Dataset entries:
__________________________________________________
(* Let $k\ge2$, $n\ge k$, $\beta=\sum_{i=1}^n i^{k-1}$ and $c_i=i^{k-1}/\beta$ for $i=1,\dots,n$. In the position-randomized auction setting described in the context, if the $k-1$ disadvantaged bidders all use the initial bid sequence $c_1,\dots,c_n$ and the uniform distribution on permutations, then for every position-randomized strategy of the adversary ${\mathcal A}$, the expected number of objects ${\mathcal A}$ wins is at most $\frac{\beta-1}{n^{k-1}}$.
   Context: Auction model: there are $k$ bidders, one adversary ${\mathcal A}$ and $k-1$ disadvantaged bidders, and $n$ objects auctioned simultaneously. Each object is won by the highest bidder on it; if $m$ bidders tie for the highest bid, each wins with probability $1/m$. A position-randomized bidding algorithm: a bidder chooses an initial sequence $x_1,\dots,x_n$ of positive reals with $\sum x_j\le 1$ (budget) and a probability distribution on permutations $\sigma$ of $\{1,\dots,n\}$; he draws $\sigma$ and bids $x_j$ on object $\sigma(j)$. The disadvantaged bidders draw their permutations independently of each other, and ${\mathcal A}$'s permutation is drawn independently of theirs. *)

From HB Require Import structures.
From mathcomp Require Import all_boot all_order all_algebra all_fingroup.
Set Implicit Arguments. Unset Strict Implicit. Unset Printing Implicit Defensive.
Import Order.TTheory GRing.Theory Num.Theory.
Local Open Scope ring_scope.

(* Objects and positions are indexed by 'I_n; position i (0-based) corresponds
   to the paper's index i+1.  A bidder with initial sequence x and permutation
   s bids x i on object s i, i.e. bids x (s^-1 o) on object o. *)

Definition beta (R : realFieldType) (k n : nat) : R :=
  \sum_(i < n) (i.+1)%:R ^+ (k.-1).

Definition cseq (R : realFieldType) (k n : nat) (i : 'I_n) : R :=
  (i.+1)%:R ^+ (k.-1) / beta R k n.

Definition win_share (R : realFieldType) (a : R) (bs : seq R) : R :=
  if has (fun b => a < b) bs then 0
  else 1 / (1 + count (fun b => b == a) bs)%:R.

Notation profile k n := {ffun 'I_(k.-1) -> 'S_n}.

(* Expected number of objects won by the adversary, when it uses initial
   sequence x and permutation distribution p, and the k-1 disadvantaged
   bidders use initial sequence cseq and independent uniform permutations. *)
Definition expected_wins (R : realFieldType) (k n : nat)
    (x : 'I_n -> R) (p : {ffun 'S_n -> R}) : R :=
  \sum_(s : 'S_n) p s *
    ((\sum_(t : profile k n) \sum_(o : 'I_n)
        win_share (x ((s^-1)%g o))
          [seq @cseq R k n (((t j)^-1)%g o) | j <- enum 'I_(k.-1)])
     / #|{: profile k n}|%:R).

From HB Require Import structures.
From mathcomp Require Import all_boot all_order all_algebra all_fingroup.
From mathcomp Require Import zify lra.
Set Implicit Arguments. Unset Strict Implicit. Unset Printing Implicit Defensive.
Import Order.TTheory GRing.Theory Num.Theory.
Local Open Scope ring_scope.

(* For a fixed bid a of the adversary, the opponents' positions are independent
   and uniform, so the chance that a wins is at most a product over opponents
   of the fraction of weights c_i below a (a tie with one chosen opponent
   counting 1/2), hence at most M^(k-1) / n^(k-1) with M = #{i | c_i <= a}.
   As c_M <= a, M^(k-1) <= beta a; summing over the bids x_i bounds the
   natural number \sum_i M(x_i)^(k-1) by beta, and it can only reach beta if
   every x_i equals some c_j, in which case the n >= 2 discounts of 1/2 give
   back at least 1. *)

Section UniformPermutations.
Variables (R : realFieldType) (n : nat).

Lemma sum_perm_inv_indep (h : 'I_n -> R) (o o' : 'I_n) :
  \sum_(s : 'S_n) h ((s^-1)%g o) = \sum_(s : 'S_n) h ((s^-1)%g o').
Proof.
rewrite (reindex_inj (mulIg (tperm o o'))) /=.
by apply: eq_bigr => s _; rewrite invgM permM tpermV tpermL.
Qed.

Lemma mean_perm_inv (h : 'I_n -> R) (o : 'I_n) :
  (\sum_(s : 'S_n) h ((s^-1)%g o)) / n`!%:R = (\sum_i h i) / n%:R.
Proof.
have n_gt0 : (0 < n)%N by case: n o => [[]|].
have avg : n%:R * \sum_(s : 'S_n) h ((s^-1)%g o) = n`!%:R * \sum_i h i.
  transitivity (\sum_(o' : 'I_n) \sum_(s : 'S_n) h ((s^-1)%g o')).
    rewrite [RHS](eq_bigr (fun _ => \sum_(s : 'S_n) h ((s^-1)%g o))).
      by rewrite sumr_const card_ord mulr_natl.
    by move=> o' _; exact: sum_perm_inv_indep.
  rewrite exchange_big /= -[in RHS]card_Sn mulr_natl -sumr_const.
  by apply: eq_bigr => s _; rewrite [RHS](reindex_inj (@perm_inj _ (s^-1)%g)).
apply/eqP; rewrite eqr_div ?pnatr_eq0 -?lt0n ?fact_gt0 //.
by rewrite mulrC avg mulrC.
Qed.

Lemma mean_profile_prod m (f : 'I_m -> 'I_n -> R) (o : 'I_n) :
  (\sum_(t : {ffun 'I_m -> 'S_n}) \prod_j f j (((t j)^-1)%g o))
    / #|{: {ffun 'I_m -> 'S_n}}|%:R
  = \prod_j ((\sum_i f j i) / n%:R).
Proof.
rewrite -(bigA_distr_bigA (fun j (s : 'S_n) => f j ((s^-1)%g o))) /=.
rewrite card_ffun card_Sn card_ord natrX.
have -> : n`!%:R ^+ m = \prod_(j < m) n`!%:R :> R.
  by rewrite prodr_const card_ord.
by rewrite -prodf_div; apply: eq_bigr => j _; exact: mean_perm_inv.
Qed.

End UniformPermutations.

Section Score.
Variable R : realFieldType.

Definition score (tie a b : R) : R :=
  if b < a then 1 else if b == a then tie else 0.

(* Only ties with the first opponent are discounted: this keeps the bound a
   product of factors depending on one opponent each, and a single factor
   1/2 is all that the extremal case of the counting argument needs. *)
Definition tie_weight {K} (j : 'I_K.+1) : R := if j == ord0 then 1 / 2 else 1.

Lemma tie_weight_in01 K (j : 'I_K.+1) : 0 <= tie_weight j <= 1.
Proof. by rewrite /tie_weight; case: eqP => _; apply/andP; split; lra. Qed.

Lemma win_share_le_prod_score K (a : R) (f : 'I_K.+1 -> R) :
  win_share a [seq f j | j <- enum 'I_K.+1]
    <= \prod_j score (tie_weight j) a (f j).
Proof.
rewrite /win_share; case: hasP => [[_ /mapP[j _ ->] a_lt]|no_higher].
  by rewrite (bigD1 j) //= /score ltNge (ltW a_lt) gt_eqF // mul0r.
have f_le j : f j <= a.
  by rewrite leNgt; apply/negP => lt_a; apply: no_higher; exists (f j);
    rewrite ?map_f ?mem_enum.
rewrite (bigD1 ord0) //= big1 ?mulr1 => [|j /negbTE j_ne0]; last first.
  rewrite /score /tie_weight j_ne0.
  by have := f_le j; rewrite le_eqVlt => /orP[/eqP->|->]; rewrite ?ltxx ?eqxx.
set m := count _ _.
have m_pos : 0 < (1 + m)%:R :> R by rewrite ltr0n.
rewrite /score /tie_weight eqxx; case: ltP => [_ | ge_a].
  by rewrite ler_pdivrMr // mul1r ler1n.
have f0E : f ord0 = a by apply/eqP; rewrite eq_le f_le ge_a.
have m_ge1 : (0 < m)%N.
  rewrite -has_count; apply/hasP; exists (f ord0); last by rewrite /= f0E.
  by rewrite map_f ?mem_enum.
have : 2 <= (1 + m)%:R :> R by rewrite ler_nat; lia.
by rewrite f0E eqxx ler_pdivrMr //; lra.
Qed.

Lemma score_le_indicator tie : 0 <= tie <= 1 ->
  forall a b, 0 <= score tie a b <= (if b <= a then 1 else 0).
Proof.
by move=> tie01 a b; rewrite /score; case: (ltgtP b a); rewrite ?ler01 ?lexx.
Qed.

Variable n : nat.
Implicit Types (f : 'I_n -> R) (a : R).

Definition card_atmost f a : nat := #|[pred i | f i <= a]|.

Lemma card_atmostE f a :
  (card_atmost f a)%:R = \sum_i (if f i <= a then 1 else 0) :> R.
Proof. by rewrite /card_atmost -sum1_card natr_sum big_mkcond. Qed.

Lemma sum_score_le tie f a : 0 <= tie <= 1 ->
  0 <= \sum_i score tie a (f i) <= (card_atmost f a)%:R.
Proof.
move=> tie01; rewrite sumr_ge0 => [|i _]; last first.
  by case/andP: (score_le_indicator tie01 a (f i)).
rewrite card_atmostE.
by apply: ler_sum => i _; case/andP: (score_le_indicator tie01 a (f i)).
Qed.

Lemma sum_score_half_le f a i0 : f i0 = a ->
  \sum_i score (1 / 2) a (f i) <= (card_atmost f a)%:R - 1 / 2.
Proof.
move=> fi0E; have half01 : 0 <= (1 / 2 : R) <= 1 by apply/andP; split; lra.
rewrite card_atmostE (bigD1 i0) //= [X in _ <= X - _](bigD1 i0) //=.
rewrite /score fi0E ltxx eqxx lexx.
suff: \sum_(i | i != i0) score (1 / 2) a (f i)
        <= \sum_(i | i != i0) (if f i <= a then 1 else 0 : R) by lra.
by apply: ler_sum => i _; case/andP: (score_le_indicator half01 a (f i));
  case: (f i <= a).
Qed.

(* [win_weight K f a / n ^ K.+1] bounds the chance that the bid [a] wins
   against [K.+1] opponents bidding independent uniform entries of [f]. *)
Definition win_weight K f a : R :=
  \prod_(j < K.+1) \sum_i score (tie_weight j) a (f i).

Lemma win_weight_le K f a : win_weight K f a <= (card_atmost f a ^ K.+1)%:R.
Proof.
rewrite natrX -[X in _ ^+ X](card_ord K.+1) -prodr_const.
by apply: ler_prod => j _; apply/sum_score_le/tie_weight_in01.
Qed.

Lemma win_weight_tie_le K f a i0 : f i0 = a ->
  win_weight K f a <= (card_atmost f a ^ K.+1)%:R - 1 / 2.
Proof.
move=> fi0E; set M : R := (card_atmost f a)%:R.
have M_ge1 : 1 <= M.
  rewrite ler1n lt0n; apply/eqP => /card0_eq /(_ i0).
  by rewrite inE fi0E lexx.
set S := fun j : 'I_K.+1 => \sum_i score (tie_weight j) a (f i).
have S_in j : 0 <= S j <= M by apply/sum_score_le/tie_weight_in01.
have first_le : S ord0 <= M - 1 / 2.
  by rewrite /S /tie_weight eqxx; exact: sum_score_half_le fi0E.
have others_le : \prod_(j | j != ord0) S j <= M ^+ K.
  have -> : M ^+ K = \prod_(j < K.+1 | j != ord0) M.
    by rewrite prodr_const cardC1 card_ord.
  by apply: ler_prod => j _; exact: S_in.
have others_ge0 : 0 <= \prod_(j | j != ord0) S j.
  by apply: prodr_ge0 => j _; case/andP: (S_in j).
have MK_ge1 : 1 <= M ^+ K by rewrite exprn_ege1.
have S0_ge0 : 0 <= S ord0 by case/andP: (S_in ord0).
rewrite /win_weight -/S (bigD1 ord0) //= natrX -/M exprS.
apply: le_trans (_ : (M - 1 / 2) * M ^+ K <= _); last by nra.
by apply: ler_pM.
Qed.

End Score.

Arguments tie_weight {R K}.

Lemma card_le_succ_max n (P : pred 'I_n) :
  (0 < #|P|)%N -> exists2 i : 'I_n, P i & (#|P| <= i.+1)%N.
Proof.
move/card_gt0P => [i0 Pi0]; have [i Pi max_i] := arg_maxnP val Pi0.
exists i => //; rewrite cardE -(size_map val) -(size_iota 0 i.+1).
apply: uniq_leq_size => [|v /mapP[j]].
  by rewrite (map_inj_uniq val_inj) enum_uniq.
by rewrite mem_enum mem_iota => /max_i j_le_i ->.
Qed.

Section CseqCounting.
Variables (R : realFieldType) (K n : nat).
Hypothesis n_gt0 : (0 < n)%N.
Let c := @cseq R K.+2 n.
Let b := beta R K.+2 n.

Lemma beta_natE : b = (\sum_(i < n) i.+1 ^ K.+1)%N%:R.
Proof. by rewrite /b /beta natr_sum; apply: eq_bigr => i _; rewrite natrX. Qed.

Lemma beta_gt0 : 0 < b.
Proof. by rewrite beta_natE ltr0n (bigD1 (Ordinal n_gt0)) //= exp1n. Qed.

Lemma cseq_le i a : (c i <= a) = ((i.+1 ^ K.+1)%:R <= b * a).
Proof. by rewrite /c /cseq ler_pdivrMr ?beta_gt0 // natrX mulrC. Qed.

Lemma card_atmost_cseq_le a : 0 <= a -> (card_atmost c a ^ K.+1)%:R <= b * a.
Proof.
move=> a_ge0; case: (posnP (card_atmost c a)) => [-> | M_gt0].
  by rewrite exp0n // mulr_ge0 // ltW // beta_gt0.
have [i ci_le M_le] := card_le_succ_max M_gt0.
apply: le_trans (_ : (i.+1 ^ K.+1)%:R <= _); last by rewrite -cseq_le.
by rewrite ler_nat leq_exp2r.
Qed.

Lemma cseq_tight a : 0 < a ->
  (card_atmost c a ^ K.+1)%:R = b * a -> exists i0, c i0 = a.
Proof.
move=> a_gt0 tight; set M := card_atmost c a in tight.
have M_gt0 : (0 < M)%N.
  rewrite lt0n; apply/eqP => M0; move: tight; rewrite M0 exp0n // => /eqP.
  by rewrite eq_sym mulf_eq0 !gt_eqF ?beta_gt0.
have M_le_n : (M.-1 < n)%N by rewrite prednK // -[n]card_ord max_card.
exists (Ordinal M_le_n); rewrite /c /cseq /= prednK // -natrX tight.
by rewrite -/b mulrAC divff ?mul1r // gt_eqF ?beta_gt0.
Qed.

End CseqCounting.

(* Either every bound [T i <= b y i] is tight, and then the [n >= 2] losses of
   1/2 add up to at least 1, or one of them is strict, and then the natural
   number [\sum_i T i] is smaller than [b]. *)
Lemma sum_le_pred_of_nat_bounds (R : realFieldType) n (b : nat)
    (y w : 'I_n -> R) (T : 'I_n -> nat) :
  (2 <= n)%N -> \sum_i y i <= 1 ->
  (forall i, (T i)%:R <= b%:R * y i) ->
  (forall i, w i <= (T i)%:R) ->
  (forall i, (T i)%:R = b%:R * y i -> w i <= (T i)%:R - 1 / 2) ->
  \sum_i w i <= b%:R - 1.
Proof.
move=> n_ge2 y_le1 T_le w_le w_tight.
have by_le_b : b%:R * \sum_i y i <= b%:R :> R.
  by rewrite -[X in _ <= X]mulr1 ler_wpM2l ?ler0n.
case: (boolP [forall i, (T i)%:R == b%:R * y i :> R]) => [/forallP all_tight|].
  apply: le_trans (_ : \sum_i (b%:R * y i - 1 / 2) <= _).
    apply: ler_sum => i _; have /eqP tight_i := all_tight i.
    by rewrite -tight_i w_tight.
  rewrite sumrB -mulr_sumr sumr_const card_ord -mulr_natr.
  have : 2 <= n%:R :> R by rewrite ler_nat.
  lra.
case/forallPn => i0 /negP not_tight.
have sumT_lt : (\sum_i T i)%:R < b%:R * \sum_i y i :> R.
  rewrite natr_sum mulr_sumr (bigD1 i0) //= [X in _ < X](bigD1 i0) //=.
  apply: ltr_leD; first by rewrite lt_neqAle T_le andbT; apply/negP.
  by apply: ler_sum => i _; exact: T_le.
have sumT_le : (\sum_i T i)%:R <= b%:R - 1 :> R.
  have : (\sum_i T i + 1 <= b)%N.
    by rewrite addn1 -(ltr_nat R); apply: lt_le_trans by_le_b.
  by rewrite -(ler_nat R) natrD; lra.
apply: le_trans sumT_le; rewrite natr_sum.
by apply: ler_sum => i _; exact: w_le.
Qed.

Lemma mean_win_share_le (R : realFieldType) K n (f x : 'I_n -> R) (s : 'S_n) :
  (\sum_(t : {ffun 'I_K.+1 -> 'S_n}) \sum_(o : 'I_n)
      win_share (x ((s^-1)%g o)) [seq f (((t j)^-1)%g o) | j <- enum 'I_K.+1])
    / #|{: {ffun 'I_K.+1 -> 'S_n}}|%:R
  <= (\sum_i win_weight K f (x i)) / n%:R ^+ K.+1.
Proof.
set N := #|{: {ffun 'I_K.+1 -> 'S_n}}|%:R.
have N_gt0 : 0 < N.
  by rewrite ltr0n card_ffun card_Sn card_ord expn_gt0 fact_gt0.
apply: le_trans (_ : _ <= (\sum_(t : {ffun 'I_K.+1 -> 'S_n}) \sum_(o : 'I_n)
   \prod_j score (tie_weight j) (x ((s^-1)%g o)) (f (((t j)^-1)%g o))) / N) _.
  rewrite ler_pM2r ?invr_gt0 //; apply: ler_sum => t _; apply: ler_sum => o _.
  exact: win_share_le_prod_score.
rewrite exchange_big /= mulr_suml (reindex_inj (@perm_inj _ s)) mulr_suml.
apply: ler_sum => o _; rewrite permK.
rewrite (mean_profile_prod (fun j i => score (tie_weight j) (x o) (f i))).
by rewrite prodf_div prodr_const card_ord.
Qed.

Theorem lemma4p4 (R : realFieldType) (k n : nat)
  (hk : (2 <= k)%N) (hn : (k <= n)%N)
  (x : 'I_n -> R) (hxpos : forall i, 0 < x i) (hxsum : \sum_(i < n) x i <= 1)
  (p : {ffun 'S_n -> R}) (hp0 : forall s, 0 <= p s) (hp1 : \sum_(s : 'S_n) p s = 1) :
  expected_wins k x p <= (beta R k n - 1) / (n%:R ^+ (k.-1)).
Proof.
case: k hk hn => [|[|K]] // _ hn /=.
have n_gt0 : (0 < n)%N by lia.
set c := @cseq R K.+2 n.
have total : \sum_i win_weight K c (x i) <= beta R K.+2 n - 1.
  rewrite beta_natE //.
  apply: (sum_le_pred_of_nat_bounds (y := x)
      (T := fun i => (card_atmost c (x i) ^ K.+1)%N)) => // [|i|i|i].
  - by lia.
  - by rewrite -beta_natE ?card_atmost_cseq_le ?ltW.
  - exact: win_weight_le.
  rewrite -beta_natE // => /(cseq_tight n_gt0 (hxpos i)) [i0 ci0].
  exact: win_weight_tie_le ci0.
set B := (beta R K.+2 n - 1) / n%:R ^+ K.+1.
apply: le_trans (_ : \sum_(s : 'S_n) p s * B <= _).
  apply: ler_sum => s _; apply: ler_wpM2l => //.
  apply: le_trans (mean_win_share_le _ _ _ s) _.
  by rewrite ler_pM2r ?invr_gt0 ?exprn_gt0 ?ltr0n.
by rewrite -mulr_suml hp1 mul1r.
Qed.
__________________________________________________
To do: Line count for the word "opponents": tally the lines of the records above that hold it and give only that figure.

Output of the exercise: 3